Change each instance of collection1 in the xml file to junk. The results are shown here:





Make sure you have the host port set to the jetty port in the solr.xml file.

In the SOLRHOME directory I duplicated the "example" directory. I want to setup two shards each with a replica, so I need four directories total. So I make three copies of the example directory and name them example1, example2, example3, and example4. (By the way, I did this in Windows Explorer, you could do it the same, or in a Command window, doesn't matter.)


Start Solr

Go to SOLRHOME\example1.

From a command prompt, execute the following:

java -Dbootstrap_confdir=./solr/junk/conf -Dcollection.configName=myconf -DzkRun -DnumShards=2 -jar start.jar

The -Dcollection.configName=myconf works the same as when I fully specify the location of the config file like this:

 java -Dbootstrap_confdir=./solr/junk/conf -Dcollection.configName=solrconfig -DzkRun -DnumShards=2 -jar start.jar

Notice that this command specifies the number of shards. Here is something to remember, re-sharding means re-indexing. If you setup two shards and load data into them and then decide you want three shards, at the time of writing this blog you have to re-idex (re-import) all of your data.

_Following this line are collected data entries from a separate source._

(* Let $F=\{f_i\}_{i=1}^N$ be a frame for an $n$-dimensional Hilbert space $\mathcal{H}_n$ with frame operator $S_F$. Let $L=\max\{\|f_i\|\,\|S_F^{-1}f_i\|:1\le i\le N\}$, $\eta_1=\{i:\|f_i\|\,\|S_F^{-1}f_i\|=L\}$, $\eta_2=\{1,\dots,N\}\setminus\eta_1$, and $H_j=\mathrm{span}\{f_i:i\in\eta_j\}$ for $j=1,2$. Assume (i) $H_1\cap H_2=\{0\}$; (ii) $\|f_i\|=c$ for all $i\in\eta_1$, for some constant $c>0$; (iii) the set $\{f_i:i\in\eta_2\}$ is linearly independent. Then for every $p>2$ the canonical dual frame $S_F^{-1}F=\{S_F^{-1}f_i\}_{i=1}^N$ is a $1$-erasure Frobenius-optimal dual of $F$, i.e. $S_F^{-1}F\in\zeta_{\mathfrak{F}}^{(1),p}(F)$.
   Context: $F$ is a frame for $\mathcal{H}_n$ if there are $0<A'\le B'$ with $A'\|f\|^2\le\sum_i|\langle f,f_i\rangle|^2\le B'\|f\|^2$ for all $f$. Analysis operator $T_Ff=(\langle f,f_i\rangle)_{i=1}^N$, frame operator $S_F=T_F^*T_F$ (positive invertible). $G=\{g_i\}_{i=1}^N$ is a dual of $F$ if $f=\sum_i\langle f,f_i\rangle g_i$ for all $f\in\mathcal{H}_n$. For a dual $G$ and $p>1$, $\mathrm{AE}_{\mathfrak{F}}^{(1),p}(F,G)=\{\frac1N\sum_{D\in\mathcal{D}^{(1)}}\|T_G^*DT_F\|_{\mathfrak{F}}^p\}^{1/p}=\{\frac1N\sum_{i=1}^N(\|f_i\|\,\|g_i\|)^p\}^{1/p}$, where $\mathcal{D}^{(1)}$ is the set of $N\times N$ diagonal matrices with exactly one diagonal entry $1$ and the rest $0$, and $\|\cdot\|_{\mathfrak{F}}$ is the Frobenius norm. $\zeta_{\mathfrak{F}}^{(1),p}(F)$ is the set of duals $G$ of $F$ minimizing $\mathrm{AE}_{\mathfrak{F}}^{(1),p}(F,G)$ over all duals of $F$. *)

(* R : realType (needed for real exponents p), the Hilbert
   space H_n is C^n with C := R[i] (complex numbers over R), vectors are
   row vectors 'rV[R[i]]_n with the standard inner product. *)
From HB Require Import structures.
From mathcomp Require Import all_boot all_order all_algebra.
From mathcomp Require Import all_classical all_reals all_analysis.
From mathcomp Require Import complex.
Set Implicit Arguments. Unset Strict Implicit. Unset Printing Implicit Defensive.
Import Order.TTheory GRing.Theory Num.Theory.
Local Open Scope ring_scope.

Section FrameDefs.
Variables (R : realType) (n N : nat).
Local Notation C := (R[i]).
Local Notation vec := 'rV[C]_n.

Definition abs2 (z : C) : R := complex.Re (z * z^*).

Definition inner (f g : vec) : C := \sum_(k < n) f 0 k * (g 0 k)^*.

Definition vnorm (f : vec) : R := Num.sqrt (complex.Re (inner f f)).

Definition is_frame (F : 'I_N -> vec) : Prop :=
  exists A B : R, 0 < A /\ A <= B /\
    forall f : vec,
      A * vnorm f ^+ 2 <= \sum_(i < N) abs2 (inner f (F i)) /\
      \sum_(i < N) abs2 (inner f (F i)) <= B * vnorm f ^+ 2.

(* Frame operator S_F = T_F^* T_F, as the matrix acting on row vectors by
   right multiplication:  f *m frame_op F = \sum_i <f, f_i> f_i. *)
Definition frame_op (F : 'I_N -> vec) : 'M[C]_n :=
  \sum_(i < N) (map_mx (fun z : C => z^*) (F i))^T *m F i.

Definition canonical_dual (F : 'I_N -> vec) : 'I_N -> vec :=
  fun i => F i *m invmx (frame_op F).

Definition is_dual (F G : 'I_N -> vec) : Prop :=
  forall f : vec, f = \sum_(i < N) inner f (F i) *: G i.

Definition AE1p (p : R) (F G : 'I_N -> vec) : R :=
  ((N%:R)^-1 * \sum_(i < N) (vnorm (F i) * vnorm (G i)) `^ p) `^ (p^-1).

Definition optimal_dual (p : R) (F G : 'I_N -> vec) : Prop :=
  is_dual F G /\ forall G' : 'I_N -> vec, is_dual F G' -> AE1p p F G <= AE1p p F G'.

Definition Lmax (F : 'I_N -> vec) : R :=
  \big[Num.max/0]_(i < N) (vnorm (F i) * vnorm (canonical_dual F i)).

Definition eta1 (F : 'I_N -> vec) : {set 'I_N} :=
  [set i | vnorm (F i) * vnorm (canonical_dual F i) == Lmax F].

Definition eta2 (F : 'I_N -> vec) : {set 'I_N} := ~: eta1 F.

Definition span_of (F : 'I_N -> vec) (eta : {set 'I_N}) : 'M[C]_n :=
  (\sum_(i in eta) <<F i>>)%MS.

Definition lin_indep_on (F : 'I_N -> vec) (eta : {set 'I_N}) : Prop :=
  forall a : 'I_N -> C,
    \sum_(i in eta) a i *: F i = 0 -> forall i, i \in eta -> a i = 0.

End FrameDefs.

(* Write an arbitrary dual as G = S^-1 F + H.  Duality forces
   sum_i <y, h_i> f_i = 0 for every y; splitting this sum along eta1 and eta2
   and using H_1 /\ H_2 = 0 and the independence of {f_i | i in eta2} gives
   h_i = 0 on eta2.  The canonical dual is orthogonal to every such H:
   sum_i <h_i, S^-1 f_i> = tr (S^-* sum_i f_i^* h_i) = 0, hence
   sum_(eta1) ||g_i||^2 >= sum_(eta1) ||S^-1 f_i||^2, and since ||f_i|| = c on
   eta1 the numbers (||f_i|| ||g_i||)^2 average at least L^2 over eta1.
   Convexity of t |-> t^(p/2) for p > 2 upgrades this to
   sum_(eta1) (||f_i|| ||g_i||)^p >= |eta1| L^p, while the eta2 terms are
   those of the canonical dual. *)

From HB Require Import structures.
From mathcomp Require Import all_boot all_order all_algebra.
From mathcomp Require Import all_classical all_reals all_analysis.
From mathcomp Require Import complex sesquilinear spectral.
From mathcomp Require Import ring lra.
Import Order.TTheory GRing.Theory Num.Theory.
Set Implicit Arguments. Unset Strict Implicit. Unset Printing Implicit Defensive.
Local Open Scope ring_scope.
Local Open Scope sesquilinear_scope.

Section InnerProduct.
Variables (R : realType) (n : nat).
Local Notation C := R[i].
Local Notation vec := 'rV[C]_n.
Implicit Types f g : vec.

Lemma innerE f g : inner f g = dotmx f g.
Proof. by rewrite dotmxE !mxE; apply: eq_bigr => k _; rewrite !mxE. Qed.

Lemma inner_conj f g : (inner f g)^* = inner g f.
Proof. by rewrite !innerE [RHS]hermC /= expr0 mul1r. Qed.

Lemma innerZl a f g : inner (a *: f) g = a * inner f g.
Proof. by rewrite /inner mulr_sumr; apply: eq_bigr => k _; rewrite !mxE mulrA. Qed.

Lemma inner_suml I (r : seq I) (P : pred I) (h : I -> vec) g :
  inner (\sum_(i <- r | P i) h i) g = \sum_(i <- r | P i) inner (h i) g.
Proof. by rewrite !innerE linear_sumlz; apply: eq_bigr => i _; rewrite innerE. Qed.

Lemma inner_self_ge0 f : 0 <= inner f f.
Proof. by rewrite innerE dnorm_ge0. Qed.

Lemma vnorm_ge0 f : 0 <= vnorm f.
Proof. exact: sqrtr_ge0. Qed.

Lemma vnorm_sqr f : vnorm f ^+ 2 = complex.Re (inner f f).
Proof.
by have := inner_self_ge0 f; rewrite lecE => /andP[_ ?]; rewrite sqr_sqrtr.
Qed.

Lemma vnorm_eq0 f : (vnorm f == 0) = (f == 0).
Proof.
have <- : (inner f f == 0) = (f == 0) by rewrite innerE dnorm_eq0.
rewrite /vnorm sqrtr_eq0.
have := inner_self_ge0 f; case: (inner f f) => a b.
rewrite lecE /= => /andP[/eqP-> a_ge0].
by rewrite eq_complex /= eqxx andbT eq_le a_ge0 andbT.
Qed.

Lemma vnormD_sqr f g :
  vnorm (f + g) ^+ 2 = vnorm f ^+ 2 + vnorm g ^+ 2 + 2 * complex.Re (inner g f).
Proof.
rewrite !vnorm_sqr !innerE hnormD /= expr0 mul1r -!innerE inner_conj !raddfD /=.
rewrite -[inner f g]inner_conj; case: (inner g f) => a b /=; ring.
Qed.

Lemma sum_inner_scale N (A B : 'I_N -> vec) f :
  \sum_(i < N) inner f (A i) *: B i = f *m \sum_(i < N) (A i)^t* *m B i.
Proof.
rewrite mulmx_sumr; apply: eq_bigr => i _.
by rewrite mulmxA [f *m _]mx11_scalar mul_scalar_mx innerE dotmxE.
Qed.

End InnerProduct.

Section Frames.
Variables (R : realType) (n N : nat) (F : 'I_N -> 'rV[R[i]]_n).

Lemma frame_opE : frame_op F = \sum_(i < N) (F i)^t* *m F i.
Proof. by apply: eq_bigr => i _; rewrite map_trmx. Qed.

Lemma mul_frame_op f : f *m frame_op F = \sum_(i < N) inner f (F i) *: F i.
Proof. by rewrite sum_inner_scale frame_opE. Qed.

Lemma frame_energyE f :
  \sum_(i < N) abs2 (inner f (F i)) = complex.Re (inner (f *m frame_op F) f).
Proof.
rewrite mul_frame_op inner_suml raddf_sum; apply: eq_bigr => i _.
by rewrite innerZl -[inner (F i) f]inner_conj.
Qed.

Lemma frame_op_unit : is_frame F -> frame_op F \in unitmx.
Proof.
move=> [A [B [A_gt0 [_ bounds]]]]; rewrite -row_free_unit.
apply: inj_row_free => f fS0; apply/eqP; rewrite -vnorm_eq0 -sqrf_eq0 eq_le sqr_ge0 andbT.
have [+ _] := bounds f.
by rewrite frame_energyE fS0 innerE linear0l raddf0 pmulr_rle0.
Qed.

Lemma canonical_dual_is_dual : is_frame F -> is_dual F (canonical_dual F).
Proof.
move=> frameF f; rewrite /canonical_dual.
under eq_bigr => i _ do rewrite scalemxAl.
by rewrite -mulmx_suml -mul_frame_op mulmxK // frame_op_unit.
Qed.

Lemma is_dual_synthesis G : is_dual F G -> \sum_(i < N) (F i)^t* *m G i = 1%:M.
Proof.
by move=> dualG; apply/row_matrixP => j; rewrite rowE -sum_inner_scale -dualG row1.
Qed.

Lemma lin_comb_eq0_compl (A : {set 'I_N}) (a : 'I_N -> R[i]) :
  (span_of F A :&: span_of F (~: A) <= (0 : 'M[R[i]]_n))%MS -> lin_indep_on F (~: A) ->
  \sum_(i < N) a i *: F i = 0 -> {in ~: A, forall i, a i = 0}.
Proof.
move=> capA0 indepAC comb0; apply: indepAC.
set v := \sum_(i in ~: A) _.
have span_comb (B : {set 'I_N}) : ((\sum_(i in B) a i *: F i)%R <= span_of F B)%MS.
  by apply: summx_sub_sums => i _; rewrite scalemx_sub ?genmxE.
have vE : v = - \sum_(i in A) a i *: F i.
  apply/eqP; rewrite -addr_eq0 addrC; apply/eqP; rewrite -[RHS]comb0.
  by rewrite [RHS](bigID (mem A)) /=; congr (_ + _); apply: eq_bigl => i; rewrite inE.
apply/eqP; rewrite -submx0; apply: submx_trans capA0.
by rewrite sub_capmx span_comb andbT vE -scaleN1r scalemx_sub ?span_comb.
Qed.

End Frames.

Section CanonicalDual.
Variables (R : realType) (n N : nat) (F G : 'I_N -> 'rV[R[i]]_n).
Hypotheses (frameF : is_frame F) (dualG : is_dual F G).
Local Notation u := (canonical_dual F).

Lemma synthesis_dual_diff : \sum_(i < N) (F i)^t* *m (G i - u i) = 0.
Proof.
under eq_bigr do rewrite mulmxBr.
by rewrite sumrB !is_dual_synthesis ?subrr //; exact: canonical_dual_is_dual.
Qed.

Lemma sum_inner_dual_diff y : \sum_(i < N) inner y (G i - u i) *: F i = 0.
Proof.
rewrite sum_inner_scale.
have -> : \sum_(i < N) (G i - u i)^t* *m F i = (\sum_(i < N) (F i)^t* *m (G i - u i))^t*.
  rewrite raddf_sum map_mx_sum; apply: eq_bigr => i _.
  by rewrite /= trmx_mul map_mxM trmxCK.
by rewrite synthesis_dual_diff trmx0 map_mx0 mulmx0.
Qed.

Lemma sum_inner_dual_diff_canonical : \sum_(i < N) inner (G i - u i) (u i) = 0.
Proof.
pose P := (invmx (frame_op F))^t*.
have innerE_tr i : inner (G i - u i) (u i) = \tr (P *m ((F i)^t* *m (G i - u i))).
  rewrite innerE dotmxE /canonical_dual trmx_mul map_mxM mulmxA -trace_mx11.
  by rewrite -mulmxA mxtrace_mulC mulmxA.
rewrite (eq_bigr _ (fun i _ => innerE_tr i)) -raddf_sum -mulmx_sumr.
by rewrite synthesis_dual_diff mulmx0 raddf0.
Qed.

Lemma sum_vnorm_dual_sqr :
  \sum_(i < N) vnorm (G i) ^+ 2 =
  \sum_(i < N) vnorm (u i) ^+ 2 + \sum_(i < N) vnorm (G i - u i) ^+ 2.
Proof.
have cross0 : \sum_(i < N) 2 * complex.Re (inner (G i - u i) (u i)) = 0.
  by rewrite -mulr_sumr -raddf_sum sum_inner_dual_diff_canonical raddf0 mulr0.
transitivity (\sum_(i < N) (vnorm (u i) ^+ 2 + vnorm (G i - u i) ^+ 2 +
                             2 * complex.Re (inner (G i - u i) (u i)))).
  by apply: eq_bigr => i _; rewrite -vnormD_sqr addrC subrK.
by rewrite !big_split /= cross0 addr0.
Qed.

Lemma canonical_dual_sqr_le_on (A : {set 'I_N}) :
  {in ~: A, forall i, G i = u i} ->
  \sum_(i in A) vnorm (u i) ^+ 2 <= \sum_(i in A) vnorm (G i) ^+ 2.
Proof.
move=> eq_off_A; have := sum_vnorm_dual_sqr.
rewrite [\sum_(i < N) vnorm (G i) ^+ 2](bigID (mem A)) /=.
rewrite [\sum_(i < N) vnorm (u i) ^+ 2](bigID (mem A)) /=.
have -> : \sum_(i < N | i \notin A) vnorm (G i) ^+ 2 =
          \sum_(i < N | i \notin A) vnorm (u i) ^+ 2.
  by apply: eq_bigr => i iAC; rewrite eq_off_A ?inE.
have : 0 <= \sum_(i < N) vnorm (G i - u i) ^+ 2 by apply: sumr_ge0 => i _; apply: sqr_ge0.
lra.
Qed.

Lemma canonical_dual_error_sqr_le_on (A : {set 'I_N}) (c : R) :
  {in ~: A, forall i, G i = u i} -> {in A, forall i, vnorm (F i) = c} ->
  \sum_(i in A) (vnorm (F i) * vnorm (u i)) ^+ 2 <=
  \sum_(i in A) (vnorm (F i) * vnorm (G i)) ^+ 2.
Proof.
move=> eq_off_A normF.
under eq_bigr => i iA do rewrite exprMn normF //.
under [X in _ <= X]eq_bigr => i iA do rewrite exprMn normF //.
by rewrite -!mulr_sumr ler_wpM2l ?sqr_ge0 ?canonical_dual_sqr_le_on.
Qed.

Lemma dual_eq_canonical_compl (A : {set 'I_N}) :
  (span_of F A :&: span_of F (~: A) <= (0 : 'M[R[i]]_n))%MS -> lin_indep_on F (~: A) ->
  {in ~: A, forall i, G i = u i}.
Proof.
move=> capA0 indepAC i iAC; apply/eqP; rewrite -subr_eq0 -vnorm_eq0 -sqrf_eq0 vnorm_sqr.
have := lin_comb_eq0_compl (a := fun j => inner (G i - u i) (G j - u j)) capA0 indepAC.
by move=> /(_ (sum_inner_dual_diff _) i iAC) ->; rewrite raddf0.
Qed.

End CanonicalDual.

Section PowerSums.
Variable R : realType.

Lemma powR_tangent_le (w K q : R) : 0 <= w -> 0 <= K -> 1 < q ->
  K `^ q + q * K `^ (q - 1) * (w - K) <= w `^ q.
Proof.
move=> w_ge0 K_ge0 q_gt1.
have q_gt0 : 0 < q by rewrite (lt_trans _ q_gt1).
have q1_gt0 : 0 < q - 1 by rewrite subr_gt0.
pose r := q / (q - 1).
have r_gt0 : 0 < r by rewrite divr_gt0.
have conj_qr : q^-1 + r^-1 = 1 by rewrite /r invf_div; field; rewrite gt_eqF.
set b := K `^ (q - 1).
(* Young's inequality with the conjugate exponents q and r *)
have := conjugate_powR w_ge0 (powR_ge0 K (q - 1)) q_gt0 r_gt0 conj_qr.
rewrite -/b -powRrM (_ : (q - 1) * r = q); last first.
  by rewrite /r mulrC -mulrA mulVf ?mulr1 // gt_eqF.
move=> young.
have young_q : q * (w * b) <= w `^ q + (q - 1) * K `^ q.
  have -> : w `^ q + (q - 1) * K `^ q = q * (w `^ q / q + K `^ q / r).
    by rewrite /r; field; rewrite ?gt_eqF.
  by rewrite ler_wpM2l // ltW.
have Kb : K * b = K `^ q by rewrite /b mulr_powRB1.
have -> : K `^ q + q * b * (w - K) = q * (w * b) - (q - 1) * (K * b).
  by rewrite -Kb; ring.
by rewrite Kb lerBlDr.
Qed.

Lemma sum_powR_ge_const (I : finType) (A : {pred I}) (w : I -> R) (K q : R) :
  1 < q -> 0 <= K -> (forall i, 0 <= w i) ->
  \sum_(i in A) K <= \sum_(i in A) w i ->
  \sum_(i in A) K `^ q <= \sum_(i in A) w i `^ q.
Proof.
move=> q_gt1 K_ge0 w_ge0 sumKw.
apply: le_trans (ler_sum _ (fun i _ => powR_tangent_le (w_ge0 i) K_ge0 q_gt1)).
rewrite big_split /= -mulr_sumr sumrB lerDl mulr_ge0 ?subr_ge0 //.
by rewrite mulr_ge0 ?powR_ge0 // ltW // (lt_trans _ q_gt1).
Qed.

Lemma powR_sqr_half (x p : R) : 0 <= x -> x `^ p = (x ^+ 2) `^ (p / 2).
Proof. by move=> x_ge0; rewrite -powR_mulrn // -powRrM mulrC divfK. Qed.

End PowerSums.

Lemma AE1p_le (R : realType) (n N : nat) (p : R) (F G G' : 'I_N -> 'rV[R[i]]_n) :
  0 < p ->
  \sum_(i < N) (vnorm (F i) * vnorm (G i)) `^ p <=
  \sum_(i < N) (vnorm (F i) * vnorm (G' i)) `^ p ->
  AE1p p F G <= AE1p p F G'.
Proof.
move=> p_gt0 le_sums; have sum_ge0 H : 0 <= \sum_(i < N) H i `^ p :> R.
  by apply: sumr_ge0 => i _; apply: powR_ge0.
rewrite /AE1p ge0_ler_powR ?nnegrE ?mulr_ge0 ?invr_ge0 ?sum_ge0 ?ler_wpM2l //.
exact: ltW.
Qed.

Unset Implicit Arguments.

Theorem theorem3p2 (R : realType) (n N : nat) (F : 'I_N -> 'rV[R[i]]_n) :
  is_frame F ->
  (span_of F (eta1 F) :&: span_of F (eta2 F) <= (0 : 'M[R[i]]_n))%MS ->
  (exists c : R, 0 < c /\ forall i, i \in eta1 F -> vnorm (F i) = c) ->
  lin_indep_on F (eta2 F) ->
  forall p : R, 2 < p -> optimal_dual p F (canonical_dual F).
Proof.
move=> frameF cap0 [c [_ normF]] indep p p_gt2.
split=> [|G dualG]; first exact: canonical_dual_is_dual.
have p_gt0 : 0 < p by rewrite (lt_trans _ p_gt2).
have G_off_eta1 := dual_eq_canonical_compl frameF dualG cap0 indep.
have err_le := canonical_dual_error_sqr_le_on frameF dualG G_off_eta1 normF.
apply: AE1p_le => //.
rewrite (bigID (mem (eta1 F))) [X in _ <= X](bigID (mem (eta1 F))) /=.
apply: lerD; last by apply: ler_sum => i i_eta2; rewrite G_off_eta1 ?finset.in_setC.
have Lmax_eta1 i : i \in eta1 F -> vnorm (F i) * vnorm (canonical_dual F i) = Lmax F.
  by rewrite inE => /eqP.
have half_p_gt1 : 1 < p / 2 by rewrite ltr_pdivlMr // mul1r.
under eq_bigr => i i_eta1 do rewrite powR_sqr_half ?mulr_ge0 ?vnorm_ge0 // Lmax_eta1 //.
under [X in _ <= X]eq_bigr => i _ do rewrite powR_sqr_half ?mulr_ge0 ?vnorm_ge0 //.
apply: sum_powR_ge_const => [||i|]; rewrite ?sqr_ge0 //.
by under eq_bigr => i i_eta1 do rewrite -(Lmax_eta1 i) //.
Qed.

Also, the command specifies to launch an instance of ZooKeeper with the -DzkRun. ZooKeeper you say. What is ZooKeeper? It is an application for managing clusters. ZooKeeper comes with the Solr install (as well as Jetty) and is launched for you. This is for a convenience. In a production system you would not want ZooKeeper running on the same box as Solr which makes a single point of failure. Also ZooKeeper should be ran in an ensemble of at least three instances. You can look up ZooKeeper if you want more details. The command runs ZooKeeper at the Solr Port + 1000. The default Solr port is 8983, therefore ZooKeeper is at 9983.

Open a browser (I use Firefox, I have experienced problems with IE) and go to this url:

http://localhost:8983/solr/#/

You should see this:


Click on the "Cloud" item on the left.

The page will show you the graph of the cloud. Remember, our collection is named "junk" and we setup two shards and two replicas by making four "example" directories.




Starting the Second Shard

Starting the second shard is very simple.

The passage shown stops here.